IN public, Gordon put on a brave face. But privately he had faced an immense and agonising personal struggle in the weeks and months following the explosion. Only his family and close friends were aware of the depth of the darkness which he had to come through. He was in constant demand for media interviews, and while these gave him a purpose and a sense of achievement, they also drained him.
Joan [his Widow] says: "The media kept coming, from France, America, Switzerland, from all over the world, and Gordon just couldn't refuse them. I hated all of that, but it was therapy to him. If it had been me I would have turned them away, but I felt sorry for them as people. They had a job to do, and - when Gordon invited them in, the least I could do was give them a cup of tea and something to eat. Anyway, there was no need for me to appear in the media, because Gordon did it so well."
The media also absorbed Gordon in a personal way. Julie Anne [his other daughter] recalls: "In the weeks after the funeral, he used to play and replay the video tapes of the Enniskillen bomb and its aftermath. Maybe it was a kind of therapy in its own way, but it also seemed like a kind of depression. It was almost a morbid interest in what had taken place. He was oblivious to this, and it got so bad that we put our foot down and took the tapes away."
The pressure of the interviews, the tapes, the thousands of letters waiting for a reply and his own frail physical and emotional condition took a cumulative toll. Seven weeks after the bomb, he completely lost his memory and was admitted to hospital.
Joan recalls the moment she knew something was terribly wrong. "He began to talk complete nonsense. He said to me, `When is Marie coming home?' Then he asked: `Why do I have this awful pain in my shoulder?' I was on the phone to our family doctor immediately, because I thought it might be the reoccurrence of a mild stroke he had several years previously. When the doctor arrived, Gordon turned to me and asked: `Who is this stranger in our house?' He had flipped completely. Without delay, we took him to the Erne Hospital for observation. It was really worrying."
Julie Anne takes up the story: "I feared that Dad was losing his marbles, that he was really starting to crumble. It was frightening. Everything was so bleak for us. I remember him vividly in hospital. He could not recall anything about the bomb, or about Marie, or why he was in pain. It was hard for us to deal with this. He was like that for maybe 16 to 24 hours, and the next morning he had recovered. I went into the ward, and he was sitting up and behaving just like normal. I threw my arms around him and said: `Dad, you're back with us again! Thank God!

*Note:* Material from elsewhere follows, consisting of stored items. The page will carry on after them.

(* Let $G$ be a finite group of order $n$, let $\alpha,\beta:G\to\mathbb{Q}$ be class functions with $\alpha(g)=\alpha(g^{-1})$ and $\beta(g)=\beta(g^{-1})$ for all $g\in G$, and let $K$ be a field with $\mathbb{Q}\subseteq K\subseteq\mathbb{Q}(\zeta_n)$. Let $H_K=\eta(\operatorname{Gal}(\mathbb{Q}(\zeta_n)/K))$, $H_\alpha(K)=\{h\in H_K\mid \alpha^h=\alpha\}$ and $H_\beta(K)=\{h\in H_K\mid \beta^h=\beta\}$. If $H_\alpha(K)=H_\beta(K)$, then all eigenvalues of $\operatorname{Cay}(G,\alpha)$ lie in $K$ if and only if all eigenvalues of $\operatorname{Cay}(G,\beta)$ lie in $K$.
   Context: $\zeta_n=e^{2\pi i/n}$; $\eta:\operatorname{Gal}(\mathbb{Q}(\zeta_n)/\mathbb{Q})\to\mathbb{Z}_n^*$ is the isomorphism with $\sigma(\zeta_n)=\zeta_n^{\eta(\sigma)}$. For $h\in\mathbb{Z}_n^*$, $\alpha^h(g)=\alpha(g^h)$. The Cayley colour graph $\operatorname{Cay}(G,f)$ has vertex set $G$ and adjacency matrix $[f(gh^{-1})]_{g,h\in G}$; its eigenvalues are those of this matrix. *)

From HB Require Import structures.
From mathcomp Require Import all_boot all_order all_algebra all_fingroup all_field.
Set Implicit Arguments. Unset Strict Implicit. Unset Printing Implicit Defensive.
Import GRing.Theory Num.Theory.
Local Open Scope ring_scope.

Definition sym_class_fun (gT : finGroupType) (a : gT -> rat) : Prop :=
  (forall x y : gT, a (x ^ y)%g = a x) /\ (forall x : gT, a (x^-1)%g = a x).

Definition in_Qz (z x : algC) : Prop :=
  exists p : {poly rat}, x = (map_poly ratr p).[z].

(* K is a subfield of algC with Q <= K <= Q(z) (Q <= K is automatic) *)
Definition intermediate_field (z : algC) (K : {pred algC}) : Prop :=
  GRing.divring_closed K /\ (forall x, x \in K -> in_Qz z x).

(* k (mod n) lies in H_K = eta(Gal(Q(z)/K)): k is a unit mod n and the
   automorphism z |-> z^k of Q(z) fixes K; automorphisms of Q(z) are
   represented by (extensions to) ring endomorphisms of algC. *)
Definition in_HK (n : nat) (z : algC) (K : {pred algC}) (k : nat) : Prop :=
  coprime k n /\
  exists s : {rmorphism algC -> algC},
    s z = z ^+ k /\ (forall x, x \in K -> s x = x).

(* alpha^k = alpha, where alpha^k(g) = alpha(g^k) *)
Definition pow_fixed (gT : finGroupType) (a : gT -> rat) (k : nat) : Prop :=
  forall g : gT, a (g ^+ k)%g = a g.

Definition cay_mx (gT : finGroupType) (a : gT -> rat) : 'M[algC]_#|gT| :=
  \matrix_(i, j) ratr (a (enum_val i * (enum_val j)^-1)%g).

Definition all_eigs_in (gT : finGroupType) (a : gT -> rat) (K : {pred algC}) : Prop :=
  forall l : algC, eigenvalue (cay_mx a) l -> l \in K.

(* For a class function f on G, the group matrix [f(g h^-1)] multiplies the
   group matrix of each irreducible character chi_i by the scalar
   omega_i(f) = (sum_h f(h) chi_i(h^-1)) / chi_i(1)  ([central_char f i]),
   by the generalised orthogonality relations; the chi_i(1)-weighted sum of
   these group matrices is |G| times the identity, so the eigenvalues of
   Cay(G, f) are exactly the omega_i(f).  For rational f, the automorphism
   z |-> z^k of Q(z) maps chi_i(x) to chi_i(x^k), hence omega_i(f) to
   omega_i(f^k') where k k' = 1 mod |G|; since the omega_i determine f, they
   are all fixed by Gal(Q(z)/K) iff f^k = f for every k in H_K.  The elements
   of Q(z) fixed by Gal(Q(z)/K) are those of K (shown with the minimal
   polynomial of z over K), so the eigenvalues of Cay(G, f) lie in K iff
   H_f(K) = H_K, a condition shared by alpha and beta when
   H_alpha(K) = H_beta(K). *)

From HB Require Import structures.
From mathcomp Require Import all_boot all_order all_algebra all_fingroup all_field.
From mathcomp Require Import all_solvable all_character.
From mathcomp Require Import ring.
From Stdlib Require Import Classical.
Set Implicit Arguments. Unset Strict Implicit. Unset Printing Implicit Defensive.
Import GRing.Theory Num.Theory.
Local Open Scope ring_scope.

Definition class_fun (gT : finGroupType) (R : Type) (f : gT -> R) : Prop :=
  forall x y : gT, f (x ^ y)%g = f x.

Section GroupMatrix.
Variable gT : finGroupType.
Implicit Types f g : gT -> algC.

Definition group_mx f : 'M[algC]_#|gT| :=
  \matrix_(i, j) f (enum_val i * (enum_val j)^-1)%g.

Definition gconv f g x := \sum_h f h * g (h^-1 * x)%g.

Lemma eq_group_mx f g : f =1 g -> group_mx f = group_mx g.
Proof. by move=> fg; apply/matrixP=> i j; rewrite !mxE fg. Qed.

Lemma group_mxM f g : group_mx f *m group_mx g = group_mx (gconv f g).
Proof.
apply/matrixP=> i j; rewrite !mxE.
under eq_bigr do rewrite !mxE.
rewrite -(big_enum_val
  (fun y => f (enum_val i * y^-1)%g * g (y * (enum_val j)^-1)%g)).
rewrite (reindex_inj (inj_comp (mulIg (enum_val i)) (@invg_inj gT))).
apply: eq_bigr => h _ /=.
by rewrite invMg invgK mulgA mulgV mul1g mulgA.
Qed.

Lemma group_mx1 : group_mx (fun x => (x == 1%g)%:R) = 1%:M.
Proof.
apply/matrixP=> i j; rewrite !mxE; congr (_%:R).
by rewrite -(inj_eq (mulIg (enum_val j))) mulgKV mul1g (inj_eq enum_val_inj).
Qed.

Lemma group_mx_sum I (r : seq I) (F : I -> gT -> algC) :
  group_mx (fun x => \sum_(i <- r) F i x) = \sum_(i <- r) group_mx (F i).
Proof.
by apply/matrixP=> i j; rewrite !mxE summxE; apply: eq_bigr => k _; rewrite mxE.
Qed.

Lemma group_mxZ c f : group_mx (fun x => c * f x) = c *: group_mx f.
Proof. by apply/matrixP=> i j; rewrite !mxE. Qed.

Lemma gconvC f g : class_fun g -> gconv f g =1 gconv g f.
Proof.
move=> gJ x; rewrite /gconv.
rewrite [RHS](reindex_inj (inj_comp (mulgI x) (@invg_inj gT))).
apply: eq_bigr => u _ /=; rewrite invMg invgK mulgKV mulrC; congr (_ * _).
by rewrite -[RHS](gJ _ u) conjgE !mulgA -(mulgA _ u^-1%g) mulVg mulg1.
Qed.

End GroupMatrix.

Section CentralCharacter.
Variable gT : finGroupType.
Local Notation G := [set: gT].
Implicit Types (f g : gT -> algC) (i : Iirr G).

Definition central_char f i := (\sum_h f h * 'chi_i (h^-1)%g) / 'chi_i 1%g.

Lemma exists_cfun f : class_fun f -> exists phi : 'CF(G), forall x, phi x = f x.
Proof.
move=> fJ; have fG : is_class_fun <<G>>%g (finfun f).
  by rewrite genGid; apply: intro_class_fun => [x y _ _|x]; rewrite ?fJ // inE.
by exists (Cfun 0 fG) => x; rewrite cfunE.
Qed.

Lemma sum_setT (F : gT -> algC) : \sum_(x in G) F x = \sum_x F x.
Proof. by apply: eq_bigl => x; rewrite inE. Qed.

Lemma central_char_cfdot (phi : 'CF(G)) i :
  central_char phi i = #|G|%:R * '[phi, 'chi_i] / 'chi_i 1%g.
Proof.
rewrite /central_char cfdotE sum_setT mulrA mulfV ?neq0CG // mul1r.
by congr (_ / _); apply: eq_bigr => h _; rewrite irr_inv.
Qed.

Lemma eq_central_char f g i : f =1 g -> central_char f i = central_char g i.
Proof. by move=> fg; congr (_ / _); apply: eq_bigr => h _; rewrite fg. Qed.

Lemma central_char_inj f g : class_fun f -> class_fun g ->
  (forall i, central_char f i = central_char g i) -> f =1 g.
Proof.
move=> /exists_cfun[phi phiE] /exists_cfun[psi psiE] fg x.
suff phi_psi : phi = psi by rewrite -phiE -psiE phi_psi.
rewrite [phi]cfun_sum_cfdot [psi]cfun_sum_cfdot; apply: eq_bigr => i _.
have := fg i; rewrite -(eq_central_char _ phiE) -(eq_central_char _ psiE).
rewrite !central_char_cfdot => /(mulIf (invr_neq0 (irr1_neq0 i))).
by move/(mulfI (neq0CG G)) ->.
Qed.

Lemma gconv_irr_irr i j x :
  gconv 'chi_j 'chi_i x = (i == j)%:R * (#|G|%:R * ('chi_i x / 'chi_i 1%g)).
Proof.
have := generalized_orthogonality_relation x i j.
rewrite sum_setT (reindex_inj (@invg_inj gT)) /= => /(congr1 ( *%R #|G|%:R)).
rewrite mulVKf ?neq0CG // mulrCA => <-.
by apply: eq_bigr => h _; rewrite invgK mulrC.
Qed.

Lemma gconv_irr f i x : class_fun f ->
  gconv f 'chi_i x = central_char f i * 'chi_i x.
Proof.
move=> /exists_cfun[phi phiE].
have -> : gconv f 'chi_i x = \sum_j '[phi, 'chi_j] * gconv 'chi_j 'chi_i x.
  under [RHS]eq_bigr do rewrite mulr_sumr.
  rewrite exchange_big; apply: eq_bigr => h _ /=.
  rewrite -phiE {1}[phi]cfun_sum_cfdot sum_cfunE mulr_suml.
  by apply: eq_bigr => j _; rewrite cfunE mulrA.
under eq_bigr do rewrite gconv_irr_irr.
rewrite (bigD1 i) //= big1 => [|j ji]; last first.
  by rewrite eq_sym (negbTE ji) mul0r mulr0.
rewrite eqxx mul1r addr0 -(eq_central_char _ phiE) central_char_cfdot.
by ring.
Qed.

Lemma group_mx_irr f i : class_fun f ->
  group_mx f *m group_mx 'chi_i = central_char f i *: group_mx 'chi_i.
Proof.
move=> fJ; rewrite group_mxM -group_mxZ.
by apply: eq_group_mx => x; apply: gconv_irr.
Qed.

Lemma irr_group_mx f i : class_fun f ->
  group_mx 'chi_i *m group_mx f = central_char f i *: group_mx 'chi_i.
Proof.
move=> fJ; rewrite group_mxM -group_mxZ; apply: eq_group_mx => x.
by rewrite gconvC // gconv_irr.
Qed.

Lemma sum_group_mx_irr :
  \sum_i 'chi_i 1%g *: group_mx 'chi[G]_i = #|G|%:R *: 1%:M.
Proof.
rewrite -(eq_bigr _ (fun i _ => group_mxZ _ _)) -group_mx_sum.
rewrite -group_mx1 -group_mxZ.
apply: eq_group_mx => x; rewrite mulr_natr -(@cfRegE _ [set: gT]%G) cfReg_sum.
by rewrite sum_cfunE; apply: eq_bigr => i _; rewrite cfunE.
Qed.

Lemma eigenvalue_group_mx f l : class_fun f ->
  eigenvalue (group_mx f) l <-> exists i, l = central_char f i.
Proof.
move=> fJ; split.
  case/eigenvalueP=> v vf v_neq0.
  (* v cannot kill every group_mx 'chi_i, as they span a nonzero scalar matrix. *)
  have [i vi_neq0 | vi0] := pickP (fun i => v *m group_mx 'chi[G]_i != 0).
    exists i; apply/eqP; rewrite -subr_eq0.
    have : (l - central_char f i) *: (v *m group_mx 'chi_i) == 0.
      by rewrite scalerBl scalemxAl -vf -mulmxA group_mx_irr // -scalemxAr subrr.
    by rewrite scaler_eq0 (negbTE vi_neq0) orbF.
  case/negP: v_neq0; have : v *m (#|G|%:R *: 1%:M) = 0.
    rewrite -sum_group_mx_irr mulmx_sumr big1 // => i _.
    by rewrite -scalemxAr (eqP (negbFE (vi0 i))) scaler0.
  by rewrite -scalemxAr mulmx1 => /eqP; rewrite scaler_eq0 (negbTE (neq0CG G)).
case=> i ->; apply/eigenvalueP.
exists (row (enum_rank 1%g) (group_mx 'chi_i)).
  by rewrite -row_mul irr_group_mx //; apply/rowP=> j; rewrite !mxE.
apply/negP=> /eqP/rowP/(_ (enum_rank 1%g)); rewrite !mxE enum_rankK mulgV.
exact/eqP/irr1_neq0.
Qed.

End CentralCharacter.

Section InQz.
Variable z : algC.

Lemma in_Qz_rat c : in_Qz z (ratr c).
Proof. by exists c%:P; rewrite map_polyC hornerC. Qed.

Lemma in_Qz_exp m : in_Qz z (z ^+ m).
Proof. by exists 'X^m; rewrite map_polyXn hornerXn. Qed.

Lemma in_QzD x y : in_Qz z x -> in_Qz z y -> in_Qz z (x + y).
Proof. by move=> [p ->] [q ->]; exists (p + q); rewrite rmorphD hornerD. Qed.

Lemma in_QzM x y : in_Qz z x -> in_Qz z y -> in_Qz z (x * y).
Proof. by move=> [p ->] [q ->]; exists (p * q); rewrite rmorphM hornerM. Qed.

Lemma in_Qz_sum I (r : seq I) (F : I -> algC) :
  (forall i, in_Qz z (F i)) -> in_Qz z (\sum_(i <- r) F i).
Proof.
move=> QF; elim: r => [|i r IHr]; last by rewrite big_cons; apply: in_QzD.
by rewrite big_nil -(rmorph0 ratr); apply: in_Qz_rat.
Qed.

End InQz.

Section IrrValues.
Variables (gT : finGroupType) (z : algC).
Hypothesis pz : #|gT|.-primitive_root z.
Variables (i : Iirr [set: gT]) (x : gT).

Lemma irr_expg_sum_roots :
  exists ms : seq nat, forall k, 'chi_i (x ^+ k)%g = \sum_(m <- ms) z ^+ (m * k).
Proof.
have Gx : x \in [set: gT] by rewrite inE.
have [e [[B uB rGx] [e1 _] [chix _] _]] := repr_rsim_diag 'Chi_i Gx.
have /fin_all_exists[m em] j : exists m, e 0 j = z ^+ m.
  suff /(prim_rootP pz)[m ->] : e 0 j ^+ #|gT| = 1 by exists m.
  have /dvdnP[c ->] : (#[x]%g %| #|gT|)%N by rewrite -cardsT order_dvdG.
  by rewrite mulnC exprM e1 expr1n.
have rGxk k : 'Chi_i (x ^+ k)%g = invmx B *m diag_mx (\row_j e 0 j ^+ k) *m B.
  elim: k => [|k IHk].
    suff -> : diag_mx (\row_j e 0 j ^+ 0) = 1%:M.
      by rewrite mulmx1 mulVmx ?repr_mx1.
    by apply/matrixP=> a b; rewrite !mxE; case: (a == b).
  rewrite expgS repr_mxM ?groupX // IHk rGx !mulmxA (mulmxK uB).
  rewrite -(mulmxA _ (diag_mx e)) mulmx_diag; congr (_ *m _ *m _); congr diag_mx.
  by apply/rowP=> j; rewrite !mxE exprS.
exists [seq m j | j <- enum 'I_(irr_degree (socle_of_Iirr i))] => k.
rewrite big_map big_enum /= -irrRepr cfunE groupX // rGxk mulr1n mxtrace_mulC.
rewrite mulmxA mulmxV // mul1mx mxtrace_diag.
by apply: eq_bigr => j _; rewrite mxE em -exprM mulnC.
Qed.

Lemma irr_in_Qz : in_Qz z ('chi_i x).
Proof.
have [ms chiE] := irr_expg_sum_roots; rewrite -[x]expg1 chiE.
by apply: in_Qz_sum => m; apply: in_Qz_exp.
Qed.

Lemma irr_aut (s : {rmorphism algC -> algC}) k :
  s z = z ^+ k -> s ('chi_i x) = 'chi_i (x ^+ k)%g.
Proof.
move=> sz; have [ms chiE] := irr_expg_sum_roots.
rewrite -[x in LHS]expg1 !chiE rmorph_sum; apply: eq_bigr => m _.
by rewrite rmorphXn sz -exprM muln1 mulnC.
Qed.

End IrrValues.

Section CentralCharAut.
Variables (gT : finGroupType) (k : nat).
Hypothesis coprime_k : coprime k #|gT|.
Local Notation k' := (expg_invn [set: gT] k).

AS a precaution he was taken to the Royal Victoria Hospital for a brain scan, and was given the all clear. But the visit to the Royal, where Marie had been a nurse just a few weeks previously, was a stern test for Joan. She says: "It had so many memories of Marie. I got myself into an awful state, thinking of what it would be like to go up there and to see all these other young girls walking about in nurses' uniforms. Peter [their late son] drove us to Belfast, and I remember sitting in the car and trying to rationalise, trying to tell myself: `Don't be frightened. You're going to a place of healing. All these young nurses and the doctors and other people are doing all they can to make people better.' That kind of thinking helped me.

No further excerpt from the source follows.